RELATED: Watch: Fired Florissant officer seen in new video hitting man with unmarked SUV

"The victim’s attorneys have been apprised of the status of this investigation and they knew exactly what direction we were going in," he said. "It was pretty entertaining to read their comments in the news media about it. 

"I've never had an attorney for a victim interfere so much in my case, and potentially jeopardizing their client's rights in this case. We are just as concerned about a fair trial as he is, and the fact that we have two videos out there potentially jeopardizes right to a fair trial. It's very disappointing and not something we expected."

Wooten said he spoke to his client after the charges were announced Wednesday.

"He is satisfied that no other kid has to experience what he had to experience almost two weeks ago," Wooten said.

The armed criminal action charge carries with it a mandatory minimum prison sentence of at least three years.

Two other officers were riding in Smith’s SUV on the night in question — one of whom is the son of Tim Swope, St. Louis County Prosecutor Wesley Bell’s spokesman.

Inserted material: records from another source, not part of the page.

Lemma character_indic_cls (hI : sigma_ideal I) A B : measurable A -> measurable B ->
  cls I A = cls I B -> tau \1_A = tau \1_B.
Proof.
move=> mA mB /(cls_eqP hI mA mB) IAB; have [tauD _ _ _ tauFI] := htau.
pose g := (\1_A : M -> R) \+ (fun _ => -1) \* (\1_B : M -> R).
have bg : bmeasR g.
  by apply: bmeasRD; [|apply: bmeasRM; [exact: bmeasR_cst|]]; exact: bmeasR_indic.
have FIg : FI I (cplx g).
  split; first exact: bmeasC_cplx.
  exists (A `+` B); split => // x nABx.
  have AB : (x \in A) = (x \in B).
    apply/idP/idP => /set_mem x_in; apply/mem_set; apply: contrapT => x_notin.
      by apply: nABx; left.
    by apply: nABx; right.
  by rewrite /cplx /g /indic /= AB mulN1r subrr.
have -> : \1_A = cplx (\1_B) \+ cplx g.
  rewrite -cplx_indic; apply/funext => x.
  by rewrite /cplx /= -rmorphD /g /= mulN1r addrC subrK.
rewrite tauD ?(tauFI _ FIg) ?addr0 ?cplx_indic //; last exact: bmeasC_cplx.
by rewrite -cplx_indic; apply: bmeasC_cplx; exact: bmeasR_indic.
Qed.

End Character.

Section StoneContinuity.
Context (R : realType) (d : measure_display) (M : measurableType d).
Variable I : set (set M).
Hypothesis hI : sigma_ideal I.
Variable phi : M -> R.
Hypothesis bphi : bmeasR phi.

Definition levels (Q : set (set (set M))) := [set l : R | Q (Eclass I phi l)].
(* If $\mathcal{C}$ is a hypergraph with $\psi(\mathcal{C})=1$, then $\mathbb{S}^0$ is not contractible in $\operatorname{Ind}(\mathcal{C})$; that is, $\operatorname{Ind}(\mathcal{C})$ is nonempty but not path-connected.
   Context: A hypergraph $\mathcal{C}$ on a finite vertex set $V$ is a family of pairwise incomparable subsets of $V$ (its edges), each of cardinality at least $2$; vertices lying in no edge are allowed. The independence complex $\operatorname{Ind}(\mathcal{C})$ is the simplicial complex on $V$ whose faces are the subsets of $V$ containing no edge of $\mathcal{C}$. For an edge $F$: $\mathcal{C}-F$ is the hypergraph on $V$ with edge set $\mathcal{C}\setminus\{F\}$; $N_{\mathcal{C}}(F)=\bigcup\{E\setminus F : E\in\mathcal{C},\ |E\setminus F|=1\}$; and $\mathcal{C}:F$ is the hypergraph on $V\setminus(F\cup N_{\mathcal{C}}(F))$ whose edges are the members of cardinality at least $2$ among the inclusion-minimal members of the family $\{E\setminus F : E\in \mathcal{C}-F\}$. The number $\psi(\mathcal{C})\in\mathbb{Z}_{\ge 0}\cup\{\infty\}$ is defined recursively: $\psi(\mathcal{C})=0$ if $V=\emptyset$; $\psi(\mathcal{C})=\infty$ if $V\neq\emptyset$ and $\mathcal{C}$ has no edges; otherwise $\psi(\mathcal{C})=\max_{F\in\mathcal{C}}\min\{\psi(\mathcal{C}-F),\ \psi(\mathcal{C}:F)+|F|-1\}$. *)

From mathcomp Require Import all_boot.
Set Implicit Arguments. Unset Strict Implicit. Unset Printing Implicit Defensive.

Definition is_hypergraph (T : finType) (V : {set T}) (C : {set {set T}}) : bool :=
  [forall E in C, (E \subset V) && (2 <= #|E|)] &&
  [forall E in C, forall E' in C, (E \subset E') ==> (E == E')].

(* Z_{>=0} u {oo}: [Some n] is n, [None] is oo. *)
Notation extnat := (option nat).

Definition emin (a b : extnat) : extnat :=
  match a, b with
  | None, x => x
  | x, None => x
  | Some m, Some n => Some (minn m n)
  end.

Definition emax (a b : extnat) : extnat :=
  match a, b with
  | None, _ => None
  | _, None => None
  | Some m, Some n => Some (maxn m n)
  end.

Definition eaddn (a : extnat) (k : nat) : extnat :=
  match a with None => None | Some m => Some (m + k) end.

Section Ops.
Variable T : finType.

Definition nbhd (C : {set {set T}}) (F : {set T}) : {set T} :=
  \bigcup_(E in C | #|E :\: F| == 1) (E :\: F).

Definition colonV (V : {set T}) (C : {set {set T}}) (F : {set T}) : {set T} :=
  V :\: (F :|: nbhd C F).

Definition colonC (C : {set {set T}}) (F : {set T}) : {set {set T}} :=
  let D := [set E :\: F | E in C :\ F] in
  [set X in D | [forall Y in D, (Y \subset X) ==> (Y == X)] && (2 <= #|X|)].

(* psi with fuel; the number of edges strictly decreases in both recursive
   calls, so fuel #|C|.+1 suffices. *)
Fixpoint psi_fuel (n : nat) (V : {set T}) (C : {set {set T}}) : extnat :=
  match n with
  | 0 => None
  | n'.+1 =>
    if V == set0 then Some 0
    else if C == set0 then None
    else \big[emax/Some 0]_(F in C)
           emin (psi_fuel n' V (C :\ F))
                (eaddn (psi_fuel n' (colonV V C F) (colonC C F)) (#|F| - 1))
  end.

Definition psi (V : {set T}) (C : {set {set T}}) : extnat :=
  psi_fuel #|C|.+1 V C.

Definition ind_face (V : {set T}) (C : {set {set T}}) (S : {set T}) : bool :=
  (S \subset V) && [forall E in C, ~~ (E \subset S)].

Definition ind_adj (V : {set T}) (C : {set {set T}}) : rel T :=
  fun x y => ind_face V C [set x; y].

Definition ind_nonempty (V : {set T}) (C : {set {set T}}) : Prop :=
  exists x, ind_face V C [set x].

(* Ind(C) (path-)connected: any two vertices are joined by an edge path in
   its 1-skeleton (equivalent to path-connectedness of the geometric
   realization). *)
Definition ind_connected (V : {set T}) (C : {set {set T}}) : Prop :=
  forall x y, ind_face V C [set x] -> ind_face V C [set y] ->
    connect (ind_adj V C) x y.

End Ops.

(* Every edge has at least two vertices, so each branch of the recursion for
   psi adds |F| - 1 >= 1 and psi >= 1 once V is nonempty.  If moreover Ind(C)
   is connected then psi >= 2.  Branches through edges with three or more
   vertices give at least 2 outright, and deleting an edge keeps Ind(C)
   connected.  For a 2-edge {u, v}, walk from u to v in the 1-skeleton: the
   first vertex x2 not adjacent to u follows a vertex x1 adjacent to both, so
   {u, x2} is an edge, and since edges are pairwise incomparable x1 survives in
   C:{u, x2}; that branch gives psi(C:{u, x2}) + 1 >= 2. *)

From mathcomp Require Import all_boot.
Set Implicit Arguments. Unset Strict Implicit. Unset Printing Implicit Defensive.

Definition geqe (a : extnat) (k : nat) : bool :=
  if a is Some m then k <= m else true.

Lemma geqe_le a j k : j <= k -> geqe a k -> geqe a j.
Proof. by case: a => //= m jk; apply: leq_trans. Qed.

Lemma geqe0 a : geqe a 0.
Proof. by case: a. Qed.

Lemma geqe_emin a b k : geqe a k -> geqe b k -> geqe (emin a b) k.
Proof. by case: a => [m|] //; case: b => [n|] //= ha hb; rewrite leq_min ha hb. Qed.

Lemma geqe_emaxl a b k : geqe a k -> geqe (emax a b) k.
Proof. by case: a => [m|] //; case: b => [n|] //= ha; rewrite leq_max ha. Qed.

Lemma geqe_emaxr a b k : geqe b k -> geqe (emax a b) k.
Proof. by case: a => [m|] //; case: b => [n|] //= hb; rewrite leq_max hb orbT. Qed.

Lemma geqe_eaddn a j k : geqe a j -> geqe (eaddn a k) (j + k).
Proof. by case: a => //= m; rewrite leq_add2r. Qed.

Lemma geqe_bigmax (I : eqType) (r : seq I) (P : pred I) (f : I -> extnat) x k :
  x \in r -> P x -> geqe (f x) k -> geqe (\big[emax/Some 0]_(i <- r | P i) f i) k.
Proof.
elim: r => [|y r IH] //; rewrite in_cons big_cons => /orP[/eqP <- | xr] Px hx.
  by rewrite Px geqe_emaxl.
by case: (P y); rewrite ?geqe_emaxr ?IH.
Qed.

Lemma connect_nontransitive (T : finType) (e : rel T) u v :
  connect e u v -> u != v -> ~~ e u v ->
  exists x1 x2, [/\ e u x1, e x1 x2 & ~~ e u x2].
Proof.
have walk y p : e u y -> path e y p -> ~~ e u (last y p) ->
    exists x1 x2, [/\ e u x1, e x1 x2 & ~~ e u x2].
  elim: p y => [|z p IH] y /= uy; first by rewrite uy.
  case/andP=> yz pz; case: (boolP (e u z)) => [uz | nuz _]; first exact: IH.
  by exists y, z.
case/connectP=> -[|y p] /= pth ->; first by rewrite eqxx.
by case/andP: pth => uy pth _; exact: walk.
Qed.

Section IndependenceComplex.
Variable T : finType.
Implicit Types (V : {set T}) (C : {set {set T}}) (E F G : {set T}).

Lemma hypergraph_edge_card V C E : is_hypergraph V C -> E \in C -> 2 <= #|E|.
Proof. by case/andP=> /forall_inP/(_ E) h _ /h/andP[]. Qed.

Lemma hypergraph_edge_sub V C E : is_hypergraph V C -> E \in C -> E \subset V.
Proof. by case/andP=> /forall_inP/(_ E) h _ /h/andP[]. Qed.

Lemma hypergraph_antichain V C E E' :
  is_hypergraph V C -> E \in C -> E' \in C -> E \subset E' -> E = E'.
Proof. by case/andP=> _ /forall_inP h /h/forall_inP h' /h'/implyP h'' /h''/eqP. Qed.

Lemma is_hypergraphD1 V C G : is_hypergraph V C -> is_hypergraph V (C :\ G).
Proof.
move=> hC; apply/andP; split; apply/forall_inP => E /setD1P[_ EC].
  by rewrite (hypergraph_edge_sub hC EC) (hypergraph_edge_card hC EC).
apply/forall_inP => E' /setD1P[_ E'C]; apply/implyP => EE'.
by rewrite (hypergraph_antichain hC EC E'C EE').
Qed.

Lemma ind_face_edge V C S E : ind_face V C S -> E \in C -> ~~ (E \subset S).
Proof. by case/andP=> _ /forall_inP; apply. Qed.

Lemma ind_face1 V C x : {in C, forall E, 2 <= #|E|} -> ind_face V C [set x] = (x \in V).
Proof.
move=> hcard; rewrite /ind_face sub1set andb_idr // => _.
apply/forall_inP => E EC; apply: contraTN (hcard E EC) => /subset_leq_card.
by rewrite cards1 -ltnS ltnNge => ->.
Qed.

Lemma ind_faceD1 V C G S : ind_face V C S -> ind_face V (C :\ G) S.
Proof.
move=> hS; apply/andP; split; first by case/andP: hS.
by apply/forall_inP => E /setD1P[_ EC]; exact: ind_face_edge hS EC.
Qed.

Lemma ind_adj_mem V C x y : ind_adj V C x y -> (x \in V) && (y \in V).
Proof. by case/andP=> /subsetP sV _; rewrite !sV ?set21 ?set22. Qed.

Lemma ind_connectedD1 V C G :
  is_hypergraph V C -> ind_connected V C -> ind_connected V (C :\ G).
Proof.
move=> hC hconn x y; have hcard := hypergraph_edge_card hC.
have hcardD := hypergraph_edge_card (is_hypergraphD1 G hC).
rewrite !ind_face1 // => xV yV.
have := hconn x y; rewrite !ind_face1 // => /(_ xV yV).
by apply: connect_sub => a b ab; apply: connect1; exact: ind_faceD1.
Qed.

(* The edge inside [set x; y] must be all of it, as edges have two vertices. *)
Lemma nonadj_edge V C x y :
  is_hypergraph V C -> x \in V -> y \in V -> ~~ ind_adj V C x y -> [set x; y] \in C.
Proof.
move=> hC xV yV; rewrite /ind_adj /ind_face subUset !sub1set xV yV /=.
case/forall_inPn=> E EC /negbNE Exy.
suff -> : [set x; y] = E by [].
apply/eqP; rewrite eq_sym eqEcard Exy (leq_trans _ (hypergraph_edge_card hC EC)) //.
by rewrite cards2; case: (x != y).
Qed.

Lemma common_neighbour_notin_nbhd V C x0 x1 x2 :
  is_hypergraph V C -> [set x0; x2] \in C ->
  ind_adj V C x0 x1 -> ind_adj V C x1 x2 -> x1 \notin nbhd C [set x0; x2].
Proof.
move=> hC EC a01 a12; apply/bigcupP => -[G /andP[GC /eqP G1] x1G].
have GE : G :\: [set x0; x2] = [set x1].
  by apply/eqP; rewrite eq_sym eqEcard sub1set x1G cards1 G1.
have Gin z : z \in G -> [|| z == x0, z == x1 | z == x2].
  move=> zG; case: (boolP (z \in [set x0; x2])) => [/set2P[]-> | zE].
  - by rewrite eqxx.
  - by rewrite eqxx !orbT.
  have : z \in G :\: [set x0; x2] by rewrite inE zE.
  by rewrite GE inE => ->; rewrite orbT.
have G01 : x2 \notin G -> G \subset [set x0; x1].
  move=> x2G; apply/subsetP => z zG; rewrite !inE.
  case/or3P: (Gin z zG) => [->|->|/eqP zx2] //; first by rewrite orbT.
  by rewrite -zx2 zG in x2G.
have G12 : x0 \notin G -> G \subset [set x1; x2].
  move=> x0G; apply/subsetP => z zG; rewrite !inE.
  case/or3P: (Gin z zG) => [/eqP zx0|->|->] //; last by rewrite orbT.
  by rewrite -zx0 zG in x0G.
case: (boolP (x0 \in G)) => x0G; last by have := ind_face_edge a12 GC; rewrite G12.
case: (boolP (x2 \in G)) => x2G; last by have := ind_face_edge a01 GC; rewrite G01.
have EG : [set x0; x2] \subset G by rewrite subUset !sub1set x0G x2G.
by move: x1G; rewrite -(hypergraph_antichain hC EC GC EG) setDv inE.
Qed.

Lemma common_neighbour_colonV V C x0 x1 x2 :
  is_hypergraph V C -> [set x0; x2] \in C ->
  ind_adj V C x0 x1 -> ind_adj V C x1 x2 -> x1 \in colonV V C [set x0; x2].
Proof.
move=> hC EC a01 a12; have /andP[_ x1V] := ind_adj_mem a01.
have nadj : ~~ ind_adj V C x0 x2.
  by apply/negP => /ind_face_edge/(_ EC); rewrite subxx.
have x10 : x1 != x0 by apply: contraNneq nadj => e; rewrite -e.
have x12 : x1 != x2 by apply: contraNneq nadj => e; rewrite -e.
rewrite /colonV !inE negb_or x1V (negbTE x10) (negbTE x12).
by rewrite (common_neighbour_notin_nbhd hC).
Qed.

Lemma card_colonC_lt C F : F \in C -> #|colonC C F| < #|C|.
Proof.
move=> FC; rewrite (cardsD1 F C) FC ltnS.
apply: leq_trans (leq_imset_card (fun E => E :\: F) (C :\ F)).
by apply: subset_leq_card; apply/subsetP => X; rewrite inE => /andP[].
Qed.

Lemma colonC_edge_card C F : {in colonC C F, forall E, 2 <= #|E|}.
Proof. by move=> E; rewrite inE => /and3P[]. Qed.

Lemma psi_fuelS_geqe n V C F k :
  V != set0 -> F \in C ->
  geqe (psi_fuel n V (C :\ F)) k ->
  geqe (eaddn (psi_fuel n (colonV V C F) (colonC C F)) (#|F| - 1)) k ->
  geqe (psi_fuel n.+1 V C) k.
Proof.
move=> V0 FC hdel hcolon; rewrite /= (negbTE V0).
case: eqP => [C0 | _]; first by rewrite C0 inE in FC.
by apply: (geqe_bigmax (mem_index_enum F)) => //; rewrite geqe_emin.
Qed.

Lemma psi_fuel_geqe1 n V C :
  #|C| < n -> {in C, forall E, 2 <= #|E|} -> V != set0 -> geqe (psi_fuel n V C) 1.
Proof.
elim: n V C => [|n IH] V C // hn hcard V0.
have [C0 | [F FC]] := set_0Vmem C; first by rewrite /= (negbTE V0) C0 eqxx.
apply: (psi_fuelS_geqe V0 FC).
  apply: IH => //; first exact: leq_trans (proper_card (properD1 FC)) _.
  by move=> E /setD1P[_]; exact: hcard.
by apply: geqe_le (geqe_eaddn _ (geqe0 _)); rewrite add0n subn_gt0 hcard.
Qed.

Lemma connected_edge_large_or_colonV V C :
  is_hypergraph V C -> ind_connected V C -> C != set0 ->
  exists2 E, E \in C & (2 < #|E|) || (colonV V C E != set0).
Proof.
move=> hC hconn /set0Pn[F FC]; have hcard := hypergraph_edge_card hC.
case: (ltnP 2 #|F|) => F3; first by exists F; rewrite ?F3.
have /cards2P[u [v [uv Fuv]]] : #|F| == 2 by rewrite eqn_leq F3 hcard.
have /subsetP FV := hypergraph_edge_sub hC FC.
have uV : u \in V by rewrite FV // Fuv set21.
have vV : v \in V by rewrite FV // Fuv set22.
have nuv : ~~ ind_adj V C u v.
  by apply/negP => /ind_face_edge/(_ FC); rewrite Fuv subxx.
have uv_conn : connect (ind_adj V C) u v by apply: hconn; rewrite ind_face1.
have [x1 [x2 [a01 a12 n02]]] := connect_nontransitive uv_conn uv nuv.
have /andP[_ x2V] := ind_adj_mem a12.
have EC := nonadj_edge hC uV x2V n02.
exists [set u; x2] => //; apply/orP; right; apply/set0Pn; exists x1.
exact: common_neighbour_colonV.
Qed.

Lemma psi_fuel_geqe2 n V C :
  #|C| < n -> is_hypergraph V C -> V != set0 -> ind_connected V C ->
  geqe (psi_fuel n V C) 2.
Proof.
elim: n V C => [|n IH] V C // hn hC V0 hconn.
have [C0 | C0] := eqVneq C set0; first by rewrite /= (negbTE V0) C0 eqxx.
have [E EC hE] := connected_edge_large_or_colonV hC hconn C0.
have hcard := hypergraph_edge_card hC.
apply: (psi_fuelS_geqe V0 EC).
  apply: IH => //; first exact: leq_trans (proper_card (properD1 EC)) _.
    exact: is_hypergraphD1.
  exact: ind_connectedD1.
case/orP: hE => [E3 | colon0].
  by apply: geqe_le (geqe_eaddn _ (geqe0 _)); rewrite add0n ltn_subRL.
have h1 := psi_fuel_geqe1 (leq_trans (card_colonC_lt EC) hn)
  (@colonC_edge_card C E) colon0.
by apply: geqe_le (geqe_eaddn _ h1); rewrite add1n ltnS subn_gt0 hcard.
Qed.

End IndependenceComplex.

Theorem lemma3p6 (T : finType) (V : {set T}) (C : {set {set T}}) :
  is_hypergraph V C -> psi V C = Some 1 ->
  ind_nonempty V C /\ ~ ind_connected V C.
Proof.
move=> hC hpsi; have hcard := hypergraph_edge_card hC.
have V0 : V != set0 by apply/eqP => V0; move: hpsi; rewrite /psi /= V0 eqxx.
split; first by case/set0Pn: V0 => x xV; exists x; rewrite ind_face1.
move=> hconn; have := psi_fuel_geqe2 (ltnSn #|C|) hC V0 hconn.
by rewrite -/(psi V C) hpsi.
Qed.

Bell recused himself from the case and asked Lohmar to serve as the special prosecutor to avoid any conflict of interest.

The other officers have not been charged with a crime, but remain on leave as Florissant police continue an internal investigation.

Meanwhile, there has been no evidence showing that the three men inside the car that was being chased were involved in the shots fired call that Smith claims drew his attention to it in the first place. 

Police are still searching for the third man who was in the car, Lohmar said.

Editor's note: An earlier version of this story incorrectly identified the judge who set Joshua Smith's bail due to inaccurate online court records.